В действительности, в этот момент американская администрация испытывала «фрустрацию» из-за «постоянного британского присутствия в этом регионе». Свержение в июле 1954 года Фарука группой «Свободные Офицеры» обусловлено не только «участием Вашингтона в государственном перевороте», но также и «попытками Соединённых Штатов, без согласия англичан, переориентировать политику Египта» [67]. Показательно, что Суэцкий кризис заканчивается провозглашением доктрины Эйзенхауэра, исходя из которой «Соединённые Штаты рассматривают независимость и территориальную целостность стран Среднего Востока как жизненно важное условие для обеспечения своих национальных интересов и сохранения мира во всём мире» и заявляют о своей готовности использовать военную силу для достижения этих целей [68]. Par une ironie de l’histoire, c’est По иронии судьбы именно после провозглашения этой доктрины на Среднем Востоке происходят колоссальные потрясения. Географическая карта там постоянно перечерчивается: Египет, Сирия, Ливан вынуждены уступить свои территории Израилю, поддерживаемому США, которые и сегодня (в 1996 году, прим. переводчика) ввязываются в военные операции и намерены расчленить Ирак. Но несмотря на кажущиеся отличия, всё это не противоречит доктрине Эйзенхауэра, которая по существу знаменует собой переход имперского контроля стратегически особо важной зоны от Великобритании к США.

6. Единая зона доктрины Монро после «Третьей мировой Войны »

Период с 1945-46 годов до крушения СССР один американский автор, который несколько десятилетий работал в ЦРУ, предпочитает называть «Третьей мировой Войной» [69]. Название «холодная война» не отражает сути, и не только потому, что в периферических зонах она оказывается ужасно горячей. Что касается прямой конфронтации между двумя главными антагонистами, хотя непосредственно видимым фронтом являются политико-дипломатические, экономические и пропагандистские баталии, не будем терять из вида грозную железную руку [70] которая хотя и не доходила до прямой и всеобщей конфронтации, тем не менее не была лишена последствий.
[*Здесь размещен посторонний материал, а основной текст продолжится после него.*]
(* Let $k\ge 2$, $w=2^k-1$, $v=2^{k-1}$. Consider a line of $w$ cells indexed $0,\dots,w-1$, all empty except the middle cell $v-1$, on which the frog stands. For $j\ge1$ let $\tilde U_j$ be the sequence of jump lengths consisting of $2^j-1$ jumps of length $1$ followed by one jump of length $2^j+2^{j-1}-1$. Consider the fixed sequence $\tilde U_{k-1},\tilde U_{k-2},\dots,\tilde U_2,\tilde U_1$. Then every valid execution of this sequence visits every cell of the line exactly once and ends on a cell with even index, and for every even index $p\in\{0,2,\dots,w-1\}$ there is a valid execution ending on cell $p$.
   Context: A frog on a line of cells performs a given sequence of positive jump lengths; for each jump it chooses a direction, moving from position $q$ to $q+J$ or $q-J$. An execution is valid if every landing cell lies on the line, is not blocked, and has not been visited before (the starting cell counts as visited). Cells are indexed from $0$. *)

From Stdlib Require Import ZArith List Arith.
Import ListNotations.
Open Scope Z_scope.

Definition Utilde (j : nat) : list nat :=
  repeat 1%nat (2 ^ j - 1)%nat ++ [ (2 ^ j + 2 ^ (j - 1) - 1)%nat ].

Definition frog_jumps (k : nat) : list nat :=
  flat_map Utilde (rev (seq 1 (k - 1))).

Fixpoint landings (q : Z) (J : list nat) (ds : list bool) : list Z :=
  match J, ds with
  | j :: J', d :: ds' =>
      let q' := if d then q + Z.of_nat j else q - Z.of_nat j in
      q' :: landings q' J' ds'
  | _, _ => []
  end.

Definition visited (q : Z) (J : list nat) (ds : list bool) : list Z :=
  q :: landings q J ds.

Definition final_cell (q : Z) (J : list nat) (ds : list bool) : Z :=
  last (visited q J ds) q.

Definition valid_exec (w : Z) (blocked : Z -> Prop) (q : Z)
    (J : list nat) (ds : list bool) : Prop :=
  length ds = length J /\
  (forall c, In c (landings q J ds) -> 0 <= c < w /\ ~ blocked c) /\
  NoDup (visited q J ds).

(* Track an execution by the set [E] of cells it may still land on, removing each
   cell as it is used.  On the block of cells at distance < 2g from a centre c
   (centre excluded), the 2g-1 unit jumps of a block of the jump sequence must all
   go the same way, since the cell behind the frog is used up; they reach the end
   of the block, and the jump of length 3g-1 must go back, to the centre of the
   opposite half, which is a block of half-width g around c -/+ g.  By induction
   the reachable final cells of the whole sequence are exactly the cells x of the
   block with x - c + g - 1 even, and counting cells shows that every valid
   execution covers the line. *)

From Stdlib Require Import ZArith List Arith Lia.
Import ListNotations.
Open Scope Z_scope.

Definition step (q : Z) (j : nat) (d : bool) : Z :=
  if d then q + Z.of_nat j else q - Z.of_nat j.

Fixpoint exec_in (E : Z -> Prop) (q : Z) (J : list nat) (ds : list bool) : Prop :=
  match J, ds with
  | [], [] => True
  | j :: J', d :: ds' =>
      E (step q j d) /\ exec_in (fun c => E c /\ c <> step q j d) (step q j d) J' ds'
  | _, _ => False
  end.

Fixpoint exec_end (q : Z) (J : list nat) (ds : list bool) : Z :=
  match J, ds with
  | j :: J', d :: ds' => exec_end (step q j d) J' ds'
  | _, _ => q
  end.

Lemma exec_in_ext J ds E E' q :
  (forall c, E c <-> E' c) -> exec_in E q J ds -> exec_in E' q J ds.
Proof.
  revert ds E E' q; induction J as [|j J IH]; intros [|d ds] E E' q HE; cbn; auto.
  intros [Hin Hex]; split; [now apply HE|].
  apply (IH _ _ _ _ (fun c => and_iff_compat_r _ (HE c)) Hex).
Qed.

Lemma exec_in_iff J ds E q :
  exec_in E q J ds <->
  length ds = length J /\ (forall c, In c (landings q J ds) -> E c) /\
  NoDup (landings q J ds).
Proof.
  revert ds E q; induction J as [|j J IH]; intros [|d ds] E q; cbn.
  - split; [|easy]. intros _; repeat split; [easy|constructor].
  - split; [easy|]. now intros [].
  - split; [easy|]. now intros [].
  - rewrite IH. fold (step q j d). split.
    + intros (Hin & Hlen & Hall & Hnd). repeat split.
      * now f_equal.
      * intros y [<-|Hy]; [easy|]. now apply Hall.
      * constructor; [|easy]. intros Hq. now apply Hall in Hq.
    + intros (Hlen & Hall & Hnd). apply NoDup_cons_iff in Hnd as [Hq Hnd].
      split; [auto|]. split; [lia|]. split; [|easy].
      intros y Hy. split; [auto|]. intros ->. auto.
Qed.

Lemma valid_exec_iff_exec_in w blocked q J ds :
  valid_exec w blocked q J ds <->
  exec_in (fun c => (0 <= c < w /\ ~ blocked c) /\ c <> q) q J ds.
Proof.
  unfold valid_exec, visited. rewrite exec_in_iff, NoDup_cons_iff. split.
  - intros (Hlen & Hall & Hq & Hnd). split; [easy|]. split; [|easy].
    intros c Hc. split; [auto|]. intros ->. auto.
  - intros (Hlen & Hall & Hnd). split; [easy|]. split; [|split; [|easy]].
    + intros c Hc. apply Hall, Hc.
    + intros Hq. now apply Hall in Hq.
Qed.

Lemma exec_end_last q J ds d : exec_end q J ds = last (visited q J ds) d.
Proof.
  unfold visited.
  revert ds q; induction J as [|j J IH]; intros [|d' ds] q; cbn; auto.
Qed.

Lemma exec_end_final_cell q J ds : exec_end q J ds = final_cell q J ds.
Proof. apply exec_end_last. Qed.

Lemma length_landings q J ds :
  length ds = length J -> length (landings q J ds) = length J.
Proof.
  revert ds q; induction J as [|j J IH]; intros [|d ds] q Hlen; cbn in *; auto.
Qed.

Definition run_cells (q : Z) (n : nat) (d : bool) (c : Z) : Prop :=
  0 < (if d then c - q else q - c) <= Z.of_nat n.

Definition block (c : Z) (g : nat) (x : Z) : Prop :=
  Z.abs (x - c) < Z.of_nat g /\ x <> c.

Ltac by_direction d :=
  destruct d; unfold block, run_cells, step; cbn [negb]; intuition lia.

Lemma step_unit_back q d : step (step q 1 d) 1 (negb d) = q.
Proof. by_direction d. Qed.

Lemma unit_run_forced m E q rest d ds :
  ~ E q -> exec_in E q (repeat 1%nat (S m) ++ rest) (d :: ds) ->
  exists ds', ds = repeat d m ++ ds' /\
    exec_in (fun c => E c /\ ~ run_cells q (S m) d c) (step q (S m) d) rest ds'.
Proof.
  revert E q ds; induction m as [|m IH]; intros E q ds Hq [Hin Hex].
  - exists ds. split; [easy|]. revert Hex; apply exec_in_ext.
    intros c; by_direction d.
  - destruct ds as [|d' ds]; [destruct rest; contradiction|].
    assert (d' = d) as ->.
    { destruct Hex as [[Hback _] _]. destruct (Bool.bool_dec d' d) as [|Hd]; [easy|].
      replace d' with (negb d) in Hback by now destruct d, d'.
      now rewrite step_unit_back in Hback. }
    destruct (IH _ _ _ (fun H => proj2 H eq_refl) Hex) as (ds' & -> & Hex').
    exists ds'. split; [easy|].
    replace (step q (S (S m)) d) with (step (step q 1 d) (S m) d)
      by by_direction d.
    revert Hex'; apply exec_in_ext. intros c; by_direction d.
Qed.

Lemma exec_in_unit_run m E q rest d ds :
  (forall c, run_cells q m d c -> E c) ->
  exec_in (fun c => E c /\ ~ run_cells q m d c) (step q m d) rest ds ->
  exec_in E q (repeat 1%nat m ++ rest) (repeat d m ++ ds).
Proof.
  revert E q; induction m as [|m IH]; intros E q Hrun Hex.
  - replace (step q 0 d) with q in Hex by by_direction d.
    revert Hex; apply exec_in_ext. intros c; by_direction d.
  - split.
    + apply Hrun. by_direction d.
    + apply IH.
      * intros c Hc. split.
        -- apply Hrun. revert Hc; by_direction d.
        -- revert Hc; by_direction d.
      * replace (step (step q 1 d) m d) with (step q (S m) d)
          by by_direction d.
        revert Hex; apply exec_in_ext.
        intros c; by_direction d.
Qed.

Lemma exec_end_unit_run m q rest d ds :
  exec_end q (repeat 1%nat m ++ rest) (repeat d m ++ ds) = exec_end (step q m d) rest ds.
Proof.
  revert q; induction m as [|m IH]; intros q; cbn [repeat app exec_end].
  - f_equal. by_direction d.
  - rewrite IH. f_equal. by_direction d.
Qed.

Definition reachable (c : Z) (g : nat) (J : list nat) (x : Z) : Prop :=
  exists ds, exec_in (block c g) c J ds /\ exec_end c J ds = x.

Lemma reachable_nil c g x : reachable c g [] x <-> x = c.
Proof.
  split.
  - now intros ([|d ds] & Hex & <-).
  - intros ->. now exists [].
Qed.

Lemma reachable_double_block (g : nat) c rest x : (1 <= g)%nat ->
  reachable c (2 * g) (repeat 1%nat (2 * g - 1) ++ (3 * g - 1)%nat :: rest) x <->
  exists d, reachable (step c g d) g rest x.
Proof.
  intros Hg. replace (2 * g - 1)%nat with (S (2 * g - 2)) by lia. split.
  - intros ([|d ds] & Hex & Hend); [contradiction|].
    destruct (unit_run_forced _ _ _ _ _ _ (fun H => proj2 H eq_refl) Hex)
      as (ds' & -> & Hex').
    destruct ds' as [|d2 ds2]; [contradiction|].
    destruct Hex' as [Hland Hrest].
    assert (d2 = negb d) as ->.
    { destruct d2; revert Hland; by_direction d. }
    exists (negb d), ds2. split.
    + replace (step c g (negb d))
        with (step (step c (S (2 * g - 2)) d) (3 * g - 1) (negb d))
        by by_direction d.
      revert Hrest; apply exec_in_ext.
      intros y; by_direction d.
    + rewrite <- Hend. change (d :: repeat d (2 * g - 2) ++ negb d :: ds2)
        with (repeat d (S (2 * g - 2)) ++ negb d :: ds2).
      rewrite exec_end_unit_run. cbn. f_equal.
      by_direction d.
  - intros (d & ds & Hex & Hend).
    exists (repeat (negb d) (S (2 * g - 2)) ++ d :: ds). split.
    + apply exec_in_unit_run.
      * intros y; by_direction d.
      * split.
        -- by_direction d.
        -- replace (step (step c (S (2 * g - 2)) (negb d)) (3 * g - 1) d)
             with (step c g d) by by_direction d.
           revert Hex; apply exec_in_ext.
           intros y; by_direction d.
    + rewrite exec_end_unit_run. cbn. rewrite <- Hend. f_equal.
      by_direction d.
Qed.

Lemma Utilde_succ m :
  Utilde (S m) = repeat 1%nat (2 * 2 ^ m - 1) ++ [(3 * 2 ^ m - 1)%nat].
Proof.
  unfold Utilde. rewrite Nat.pow_succ_r'. cbn [Nat.sub]. rewrite Nat.sub_0_r.
  do 3 f_equal. lia.
Qed.

Lemma frog_jumps_succ m : frog_jumps (S (S m)) = Utilde (S m) ++ frog_jumps (S m).
Proof.
  unfold frog_jumps. cbn [Nat.sub]. rewrite Nat.sub_0_r, seq_S, rev_app_distr.
  reflexivity.
Qed.

Lemma length_frog_jumps m : length (frog_jumps (S m)) = (2 ^ S m - 2)%nat.
Proof.
  induction m as [|m IH]; [reflexivity|].
  rewrite frog_jumps_succ, length_app, IH, Utilde_succ, length_app, repeat_length.
  cbn [length]. rewrite !Nat.pow_succ_r'.
  pose proof (Nat.pow_nonzero 2 m ltac:(lia)). lia.
Qed.

Lemma reachable_frog_jumps m c x :
  reachable c (2 ^ m) (frog_jumps (S m)) x <->
  Z.abs (x - c) < Z.of_nat (2 ^ m) /\ (x - c + Z.of_nat (2 ^ m) - 1) mod 2 = 0.
Proof.
  revert c; induction m as [|m IH]; intros c.
  - change (frog_jumps 1) with (@nil nat). rewrite reachable_nil.
    cbn. Z.div_mod_to_equations. lia.
  - pose proof (Nat.pow_nonzero 2 m ltac:(lia)).
    rewrite frog_jumps_succ, Utilde_succ, <- app_assoc, Nat.pow_succ_r'; cbn [app].
    rewrite reachable_double_block by lia.
    setoid_rewrite IH. split.
    + intros (d & Hx & Hpar). unfold step in *.
      destruct d; Z.div_mod_to_equations; lia.
    + intros [Hx Hpar]. destruct (Z_lt_le_dec c x); [exists true | exists false];
        unfold step; Z.div_mod_to_equations; lia.
Qed.

Lemma final_cells_frog_jumps m x :
  let v := Z.of_nat (2 ^ m) in
  (exists ds, valid_exec (2 * v - 1) (fun _ => False) (v - 1) (frog_jumps (S m)) ds /\
              final_cell (v - 1) (frog_jumps (S m)) ds = x) <->
  0 <= x < 2 * v - 1 /\ Z.even x = true.
Proof.
  intros v. transitivity (reachable (v - 1) (2 ^ m) (frog_jumps (S m)) x).
  - unfold reachable. setoid_rewrite valid_exec_iff_exec_in.
    setoid_rewrite <- exec_end_final_cell.
    split; intros (ds & Hex & Hend); exists ds; split; auto;
      revert Hex; apply exec_in_ext; intros c; unfold block; lia.
  - rewrite reachable_frog_jumps, Zmod_even. fold v.
    replace (x - (v - 1) + v - 1) with x by ring.
    destruct (Z.even x); intuition (try lia; try discriminate).
Qed.

Lemma NoDup_range_count_occ (l : list Z) (n : Z) :
  NoDup l -> (forall x, In x l -> 0 <= x < n) -> length l = Z.to_nat n ->
  forall c, 0 <= c < n -> count_occ Z.eq_dec l c = 1%nat.
Proof.
  intros Hnd Hrange Hlen c Hc.
  set (R := map Z.of_nat (seq 0 (Z.to_nat n))).
  assert (HinR : forall x, 0 <= x < n -> In x R).
  { intros x Hx. apply in_map_iff. exists (Z.to_nat x). rewrite in_seq. lia. }
  assert (Hcover : incl R l).
  { apply NoDup_length_incl; [easy| |].
    - unfold R. rewrite length_map, length_seq. lia.
    - intros x Hx. apply HinR, Hrange, Hx. }
  now apply (NoDup_count_occ' Z.eq_dec l), Hcover, HinR.
Qed.

Lemma valid_exec_count_occ w blocked q J ds :
  S (length J) = Z.to_nat w -> 0 <= q < w -> valid_exec w blocked q J ds ->
  forall c, 0 <= c < w -> count_occ Z.eq_dec (visited q J ds) c = 1%nat.
Proof.
  intros Hlen Hq (Hds & Hall & Hnd). apply NoDup_range_count_occ; [easy| |].
  - intros x [<-|Hx]; [easy|]. now apply Hall.
  - unfold visited; cbn [length]. now rewrite length_landings.
Qed.

Theorem mainTheorem7 (k : nat) (hk : (2 <= k)%nat) :
  let w := 2 ^ Z.of_nat k - 1 in
  let v := 2 ^ (Z.of_nat k - 1) in
  let noblock := fun _ : Z => False in
  (forall ds : list bool,
     valid_exec w noblock (v - 1) (frog_jumps k) ds ->
     (forall c, 0 <= c < w ->
        count_occ Z.eq_dec (visited (v - 1) (frog_jumps k) ds) c = 1%nat) /\
     Z.even (final_cell (v - 1) (frog_jumps k) ds) = true) /\
  (forall p, 0 <= p < w -> Z.even p = true ->
     exists ds : list bool,
       valid_exec w noblock (v - 1) (frog_jumps k) ds /\
       final_cell (v - 1) (frog_jumps k) ds = p).
Proof.
  destruct k as [|m]; [lia|]. intros w v noblock.
  pose proof (Nat.pow_nonzero 2 m ltac:(lia)).
  assert (Hw : w = 2 * Z.of_nat (2 ^ m) - 1)
    by (unfold w; rewrite Nat2Z.inj_succ, Z.pow_succ_r, Nat2Z.inj_pow; lia).
  assert (Hv : v = Z.of_nat (2 ^ m))
    by (unfold v; rewrite Nat2Z.inj_pow; f_equal; lia).
  rewrite Hw, Hv. split.
  - intros ds Hval. split.
    + apply (valid_exec_count_occ _ noblock); [|lia|easy].
      rewrite length_frog_jumps, Nat.pow_succ_r'. lia.
    + apply (final_cells_frog_jumps m). now exists ds.
  - intros p Hp Hev. now apply final_cells_frog_jumps.
Qed.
Речь идёт о настоящем испытании на прочность экономики и политики враждебной страны, и всей её структуры. Это испытание силой, направленной на разрушение альянса или враждебного «лагеря». Когда в 1958 году вновь разгорается кризис в отношении островов Куэмой и Мацу, СССР, сознавая явное превосходство США, ограничивается тем, что гарантирует Китаю защиту, которая не выходит за пределы континентальной территории, и великая азиатская держава вынуждена отказаться от цели, признаваемой «очевидной» и законной даже Черчиллем. Поддержка, которую Мао оказал два года до этого Хрущёву, по установлению санитарного контр-кордона, в котором нуждается ведущая страна соцлагеря, окажется бесполезной. Однозначное участие в борьбе двух лагерей отныне не представляется для китайских лидеров средством восстановления национального единения и окончания периода колониального унижения. Если не использование военной силы, то угроза военной силой и, в первую очередь атомным оружием, оказало решительное влияние на ход третьей мировой войны. В свете сказанного выше было бы целесообразно переосмыслить сложившееся прочтение «краха» СССР и лагеря, который он возглавлял.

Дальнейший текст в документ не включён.